People-first healthcare, even in the aftertimes
We should be proud that Oregon's healthcare systems were the first in the country to create a collaborative IT system to combat the Covid-19 virus. But we should demand more.
Brian is a native Oregonian and urologist at the Oregon Health & Science University. He is heavily involved in health policy and currently serves as president of the Oregon Urological Society.
As of March 7th, 2021, the Johns Hopkins Coronavirus Resource Center reports that 524,668 Americans have lost their lives to Covid-19. Without question, this is one of the greatest tragedies to befall our country and the world within our lifetimes. To make sense of this suffering, we must capitalize upon the unique opportunities only a calamity of this magnitude can afford. However, to have any hope of meaningful success we must be willing to shed the shackles of bitter partisanship and self-interest.
Unprecedented collaboration between Oregon’s major healthcare systems in response to Covid-19 demonstrates that community-minded, pragmatic action is possible. Collaboration of this sort seemed out of the question pre-pandemic; post-pandemic we need to make sure coordinated care among competing health systems continues.
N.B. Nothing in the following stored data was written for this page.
(* Let $S:\mathbb{R}^d\times\mathbb{R}^k\to\mathbb{R}$ be a locally Lipschitz generating family for $L\subset T^*\mathbb{R}^d$, and let $\Phi(x,\eta')=(x,\phi(x,\eta'))$ be a $C^1$ fiberwise diffeomorphism of $\mathbb{R}^d\times\mathbb{R}^k$ (i.e. a $C^1$ diffeomorphism such that each $\eta'\mapsto\phi(x,\eta')$ is a diffeomorphism of $\mathbb{R}^k$). Then $S':=S\circ\Phi$ is also a generating family for $L$.
   Context: A locally Lipschitz family $S:\mathbb{R}^d\times\mathbb{R}^k\to\mathbb{R}$ is called a generating family for $L\subset T^*\mathbb{R}^d$ when $L=\{(x,y)\in T^*\mathbb{R}^d:\exists\eta\in\mathbb{R}^k,\ (y,0)\in\partial S(x,\eta)\}$, where $\partial S$ is Clarke's generalized derivative of $S$ as a function on $\mathbb{R}^d\times\mathbb{R}^k$: for a locally Lipschitz $f$ on $\mathbb{R}^m$, $\partial f(a)$ is the convex hull of the set of limits of $df(x_n)$ over sequences $x_n\to a$ of points where $f$ is differentiable. *)

From HB Require Import structures.
From mathcomp Require Import all_boot all_order all_algebra.
From mathcomp Require Import all_classical all_reals all_analysis.
Set Implicit Arguments. Unset Strict Implicit. Unset Printing Implicit Defensive.
Import Order.TTheory GRing.Theory Num.Theory.
Import numFieldNormedType.Exports.
Local Open Scope classical_set_scope.
Local Open Scope ring_scope.

Section Defs.
Variable R : realType.

Definition dotv (n : nat) (u v : 'rV[R]_n) : R := \sum_(i < n) u 0 i * v 0 i.

(* R^d x R^k is modelled as 'rV_d * 'rV_k; a covector on it is a pair (p,q),
   acting by (u,v) |-> p.u + q.v *)
Definition covec (d k : nat) (c : 'rV[R]_d * 'rV[R]_k) (h : 'rV[R]_d * 'rV[R]_k) : R :=
  dotv c.1 h.1 + dotv c.2 h.2.

Definition locally_lipschitz (V : normedModType R) (f : V -> R) : Prop :=
  forall a : V, exists r : R, 0 < r /\ exists K : R,
    forall x y, ball a r x -> ball a r y -> `|f x - f y| <= K * `|x - y|.

Definition conv_hull (V : lmodType R) (A : set V) : set V :=
  [set z | exists n (w : 'I_n -> R) (p : 'I_n -> V),
     [/\ forall i, 0 <= w i, \sum_(i < n) w i = 1, forall i, A (p i)
       & z = \sum_(i < n) w i *: p i]].

Definition reachable_grad (d k : nat) (S : 'rV[R]_d * 'rV[R]_k -> R)
  (a : 'rV[R]_d * 'rV[R]_k) : set ('rV[R]_d * 'rV[R]_k) :=
  [set c | exists (an : nat -> 'rV[R]_d * 'rV[R]_k)
                  (cn : nat -> 'rV[R]_d * 'rV[R]_k),
     [/\ an n @[n --> \oo] --> a,
         forall n, differentiable S (an n),
         forall n h, 'd S (an n) h = covec (cn n) h
       & cn n @[n --> \oo] --> c]].

Definition clarke (d k : nat) (S : 'rV[R]_d * 'rV[R]_k -> R)
  (a : 'rV[R]_d * 'rV[R]_k) : set ('rV[R]_d * 'rV[R]_k) :=
  conv_hull (reachable_grad S a).

Definition generating_family (d k : nat) (S : 'rV[R]_d * 'rV[R]_k -> R)
  (L : set ('rV[R]_d * 'rV[R]_d)) : Prop :=
  locally_lipschitz S /\
  L = [set xy | exists eta : 'rV[R]_k, clarke S (xy.1, eta) (xy.2, 0)].

(* C^1 map between normed spaces: differentiable everywhere, with
   derivative continuous (tested on each direction; finite dimensions) *)
Definition C1 (V W : normedModType R) (f : V -> W) : Prop :=
  (forall x, differentiable f x) /\ (forall h : V, continuous (fun x => 'd f x h)).

Definition C1_diffeo (V : normedModType R) (f : V -> V) : Prop :=
  exists g : V -> V, [/\ cancel f g, cancel g f, C1 f & C1 g].

End Defs.

From HB Require Import structures.
From mathcomp Require Import all_boot all_order all_algebra.
From mathcomp Require Import all_classical all_reals all_analysis.
Import Order.TTheory GRing.Theory Num.Theory.
Import numFieldNormedType.Exports.
Local Open Scope classical_set_scope.
Local Open Scope ring_scope.

Set Implicit Arguments.
Unset Strict Implicit.
Unset Printing Implicit Defensive.

(* Write T (x, eta) = (x, phi x eta) and G for its inverse.  A C^1 map is locally
   Lipschitz (mean value theorem on segments of a small ball, where dT is bounded),
   so S \o T is locally Lipschitz.  Points of differentiability of S \o T and of S
   correspond under T, and the chain rule carries limits of gradients, hence their
   convex hulls: every c in the Clarke derivative of S \o T at a is e \o dT(a) for
   some e in the Clarke derivative of S at T a.  Since dT(a) is onto and preserves
   the first component, c = (y, 0) forces e = (y, 0); applying this to T and to G
   shows that both families cut out the same L. *)

Section Dot.
Variables (R : realType) (n : nat).
Implicit Types u v : 'rV[R]_n.

Lemma dotvC u v : dotv u v = dotv v u.
Proof. by apply: eq_bigr => i _; rewrite mulrC. Qed.

Lemma dotv_is_linear u : linear (dotv u).
Proof.
move=> a v w; rewrite /dotv scaler_sumr -big_split.
by apply: eq_bigr => i _; rewrite !mxE mulrDr mulrCA.
Qed.

HB.instance Definition _ u :=
  GRing.isLinear.Build R 'rV[R]_n R _ (dotv u) (dotv_is_linear u).

Lemma dotv_delta u i : dotv u (delta_mx 0 i) = u 0 i.
Proof.
rewrite /dotv (bigD1 i) //= big1 ?addr0; first by rewrite mxE !eqxx mulr1.
by move=> j ji; rewrite mxE (negbTE ji) andbF mulr0.
Qed.

End Dot.

Section Covectors.
Variables (R : realType) (d k : nat).
Local Notation V := ('rV[R]_d * 'rV[R]_k)%type.
Implicit Types c h z : V.

Lemma covec_is_linear c : linear (covec c).
Proof. by move=> a u v; rewrite /covec /= !linearP scalerDr addrACA. Qed.

HB.instance Definition _ c :=
  GRing.isLinear.Build R V R _ (covec c) (covec_is_linear c).

Lemma covecC c h : covec c h = covec h c.
Proof. by rewrite /covec dotvC [dotv c.2 _]dotvC. Qed.

Lemma covec_pair0 (y : 'rV[R]_d) h : covec (y, 0) h = dotv y h.1.
Proof. by rewrite /covec /= [dotv 0 _]dotvC linear0 addr0. Qed.

Definition E1 (i : 'I_d) : V := (delta_mx 0 i, 0).
Definition E2 (j : 'I_k) : V := (0, delta_mx 0 j).

Lemma covecE1 z i : covec z (E1 i) = z.1 0 i.
Proof. by rewrite /covec /= dotv_delta linear0 addr0. Qed.

Lemma covecE2 z j : covec z (E2 j) = z.2 0 j.
Proof. by rewrite /covec /= dotv_delta linear0 add0r. Qed.

Lemma pair_basis_sum h :
  h = \sum_i h.1 0 i *: E1 i + \sum_j h.2 0 j *: E2 j.
Proof.
case: h => u v; congr pair; rewrite /= ?(raddf_sum fst) ?(raddf_sum snd) /=.
  by rewrite [X in _ + X]big1 ?addr0 -?row_sum_delta // => j _; rewrite scaler0.
by rewrite [X in X + _]big1 ?add0r -?row_sum_delta // => i _; rewrite scaler0.
Qed.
Collaboration is far from the norm in our health care system. Despite comprising nearly one-fifth of the economy, the US healthcare system is not really a system at all. Rather, it is composed of various independent private and governmental entities whose competing interests result in the most expensive healthcare in the world while producing only average clinical outcomes.
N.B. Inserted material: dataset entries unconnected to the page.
(* Let $A$ be a calibrated $R$-superalgebra and $V$ a calibrated $A$-supermodule. Then $\tilde\Gamma^dV\subseteq\Gamma^dV$ is a $\tilde\Gamma^dA$-submodule, i.e. $\eta\, y\in\tilde\Gamma^dV$ for all $\eta\in\tilde\Gamma^dA$ and $y\in\tilde\Gamma^dV$.
   Context: Let $R$ be a principal ideal domain of characteristic $0$. A calibrated $R$-supermodule is a free $R$-supermodule $V=V_{\bar0}\oplus V_{\bar1}$ of finite rank with a decomposition $V_{\bar0}=V_{\mathfrak a}\oplus V_{\mathfrak c}$ into free $R$-submodules; choose bases $B_{\mathfrak a},B_{\mathfrak c},B_{\bar1}$, let $B$ be their union, fix a total order on $B$. $\mathfrak S_d$ acts on $V^{\otimes d}$ by $(v_1\otimes\cdots\otimes v_d)^\sigma=(-1)^{\langle\sigma;\mathbf v\rangle}v_{\sigma1}\otimes\cdots\otimes v_{\sigma d}$, $\langle\sigma;\mathbf v\rangle$ = number of $k<l$ with $\sigma^{-1}k>\sigma^{-1}l$ and $v_k,v_l$ odd; $\Gamma^dV$ = invariants. For $\mathbf b\in B^d$: $\langle\mathbf b\rangle$ = number of $k<l$ with $b_k,b_l\in B_{\bar1}$, $b_k>b_l$; $[\mathbf b]^!_{\mathfrak c}=\prod_{b\in B_{\mathfrak c}}\#\{k:b_k=b\}!$; $\mathrm{Seq}(B,d)$ = tuples in which only elements of $B_{\mathfrak a}\sqcup B_{\mathfrak c}$ may repeat; $x_{\mathbf b}=\sum(-1)^{\langle\mathbf b\rangle+\langle\mathbf b'\rangle}b'_1\otimes\cdots\otimes b'_d$ over distinct place-permutations $\mathbf b'$ of $\mathbf b$; $y_{\mathbf b}=[\mathbf b]^!_{\mathfrak c}x_{\mathbf b}$; $\tilde\Gamma^dV=\mathrm{span}_R\{y_{\mathbf b}:\mathbf b\in\mathrm{Seq}(B,d)\}$. A calibrated $R$-superalgebra is an $R$-superalgebra $A$, free of finite rank, with a decomposition $A_{\bar0}=\mathfrak a\oplus\mathfrak c$ into free $R$-submodules such that $\mathfrak a$ is a unital subalgebra; regarding $A$ as a calibrated supermodule gives $\tilde\Gamma^dA\subseteq\Gamma^dA\subseteq A^{\otimes d}$, where $A^{\otimes d}$ is a superalgebra with $(a_1\otimes\cdots\otimes a_d)(b_1\otimes\cdots\otimes b_d)=(-1)^{\langle\mathbf a,\mathbf b\rangle}a_1b_1\otimes\cdots\otimes a_db_d$ ($\langle\mathbf a,\mathbf b\rangle$ = number of $k>l$ with $a_k,b_l$ odd); $\tilde\Gamma^dA$ is a unital subsuperalgebra of $\Gamma^dA$. If $V$ is an $A$-supermodule then $V^{\otimes d}$ is an $A^{\otimes d}$-supermodule via $(a_1\otimes\cdots\otimes a_d)(v_1\otimes\cdots\otimes v_d)=(-1)^{\langle\mathbf a,\mathbf v\rangle}a_1v_1\otimes\cdots\otimes a_dv_d$, and $\Gamma^dV$ is a $\Gamma^dA$-submodule. A calibrated $A$-supermodule is an $A$-supermodule $V$ which is a calibrated $R$-supermodule with $\mathfrak aV_{\mathfrak a}\subseteq V_{\mathfrak a}$. *)

(* Everything is expressed in coordinates: a free R-module of
   finite rank with a chosen (totally ordered) basis B is modelled by functions
   'I_m -> R, the tensor power V^{(x)d} by functions d.-tuple 'I_m -> R. *)
From HB Require Import structures.
From mathcomp Require Import all_boot all_order all_algebra.
Set Implicit Arguments.
Unset Strict Implicit.
Unset Printing Implicit Defensive.
Import GRing.Theory.
Local Open Scope ring_scope.

(* The calibration of a basis element: in B_a, in B_c, or odd (in B_1). *)
Inductive calib := Ca | Cc | Codd.
Definition is_odd (c : calib) : bool := if c is Codd then true else false.
Definition is_a (c : calib) : bool := if c is Ca then true else false.
Definition is_c (c : calib) : bool := if c is Cc then true else false.

Definition is_PID (R : idomainType) : Prop :=
  forall I : R -> Prop,
    I 0 -> (forall x y, I x -> I y -> I (x + y)) -> (forall r x, I x -> I (r * x)) ->
    exists g : R, forall x, I x <-> exists r, x = r * g.

Definition char0 (R : idomainType) : Prop := forall k : nat, (k.+1)%:R != 0 :> R.

Notation vect R m := {ffun 'I_m -> R}.
Notation tens R m d := {ffun d.-tuple 'I_m -> R}.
I’ve seen numerous examples of this during my career. Patients with life-threating conditions being transferred hundreds of extra miles to ensure their higher level of care is not delivered by a competing healthcare system closer to home. Patients who cannot afford healthcare presenting a year or two later with far more advanced and costly disease. This need not occur, and the pandemic has shown it is possible for competing health systems to work together in a people-first, rather than profit-first fashion.
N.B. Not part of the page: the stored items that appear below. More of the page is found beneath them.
Theorem mainTheorem11 (R : realType) (n : nat) (f1 f2 : 'rV[R]_n -> \bar R)
  (lam : R) :
  proper_fun f1 -> proper_fun f2 ->
  lower_semicontinuous f1 -> lower_semicontinuous f2 ->
  prox_bounded f1 -> prox_bounded f2 ->
  (0 < prox_threshold f1)%E -> (0 < prox_threshold f2)%E ->
  0 < lam -> (lam%:E < prox_threshold f1)%E -> (lam%:E < prox_threshold f2)%E ->
  let A := forall x, psubdiff lam f1 x = psubdiff lam f2 x in
  let B := forall x, prox lam f1 x = prox lam f2 x in
  let C := exists c : R, forall x, menv lam f1 x = (menv lam f2 x + c%:E)%E in
  let D := exists c : R, forall x, hfun lam f1 x = (hfun lam f2 x + c%:E)%E in
  let E := proper_fun (convhull f1) -> proper_fun (convhull f2) ->
           exists c : R, forall x, cconvhull f1 x = (cconvhull f2 x + c%:E)%E in
  (A <-> B) /\ (B -> C) /\ (C <-> D) /\ (A -> E).
Proof.
move=> pf1 pf2 lf1 lf2 _ _ _ _ lam0 lam_lt1 lam_lt2 A B C D E.
have [[f1N _] [f2N _]] := (pf1, pf2).
have [eta1 eta1_lt [x1 f1quad]] := quad_minorized_of_threshold lam0 pf1 lam_lt1.
have [eta2 eta2_lt [x2 f2quad]] := quad_minorized_of_threshold lam0 pf2 lam_lt2.
have AB : A <-> B := psubdiff_eq_iff_prox_eq lam0 f1N f2N.
have BC : B -> C.
  move=> f12; apply: (menv_shift_of_prox_eq lam0 f1N f2N _ f12) => x.
  exact: prox_nonempty x lam0 lf1 pf1 eta1_lt f1quad.
have CD : C <-> D.
  split=> -[c f12]; exists c.
    exact: hfun_shift_of_menv_shift.
  exact: menv_shift_of_hfun_shift.
(* (e) holds without the properness of [convhull f1] and [convhull f2]. *)
split=> //; split=> //; split=> // /AB/BC/CD[c f12] _ _; exists c => x.
have f21 y : hfun lam f2 y = (hfun lam f1 y + (- c)%:E)%E by rewrite f12 EFinN addeK.
apply/eqP; rewrite eq_le (cconvhull_le_of_hfun_shift lam0 eta1_lt f1quad pf1 f12) /=.
by rewrite -leeBrDr // -EFinN (cconvhull_le_of_hfun_shift lam0 eta2_lt f2quad pf2 f21).
Qed.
On February 28th, 2020, the first confirmed case of Covid-19 in the Portland-metro area was reported by the Oregon Health Authority (OHA). In response, Oregon Health & Science University (OHSU) partnered with OHA to develop a state-wide hospital-capacity contingency plan. This required real-time information throughout the state regarding the availability of acute and critical care hospital beds and valuable resources such as ventilators and extracorporeal life support machines.
Thankfully, OHSU had recently partnered with GE Healthcare to develop an information technology (IT) system known as Mission Control to help guide the flow of patients across its four hospitals. OHSU didn’t keep this essential system to itself; instead, they selflessly integrated it into a statewide response. Mission Control served as the blueprint for creation of the Oregon Capacity System, which tracks in real-time the availability of nearly 7,400 hospital beds and 800 ventilators across Oregon. Data from this system have been used during the pandemic to help inform public health mandates and regulate the flow of patients throughout the state to ensure no health system becomes overwhelmed with Covid-19 patients.
According to Jeff Terry, MBA, FACHE, global CEO of GE Clinical Command Centers, "The idea that health systems will be so transparent with their peers is revolutionary. On a day-to-day basis, big health systems are sort of 'frenemies;' they all collaborate a bit, but they also all compete a bit. The fact that everyone came together in Oregon and did this was a big deal.”
Indeed, we should be proud that Oregon's healthcare systems were the first in the country to create a collaborative IT system to combat the Covid-19 virus. But we should demand more. The same tools could be used to coordinate care for Oregonians afflicted with other life-threatening conditions. Why should a patient suffering a stroke be transported hundreds of miles to an affiliated hospital, when a neuro-interventional radiology unit is available across town?
Tragically, well-intentioned providers frequently have no way of quickly knowing what resources are immediately available outside of their health system. The full potential of people-first healthcare will only be realized if Oregon’s health systems remain committed to collaboration post-pandemic and choose to expand the types of medical resource-data they are willing to share with their “frenemies.”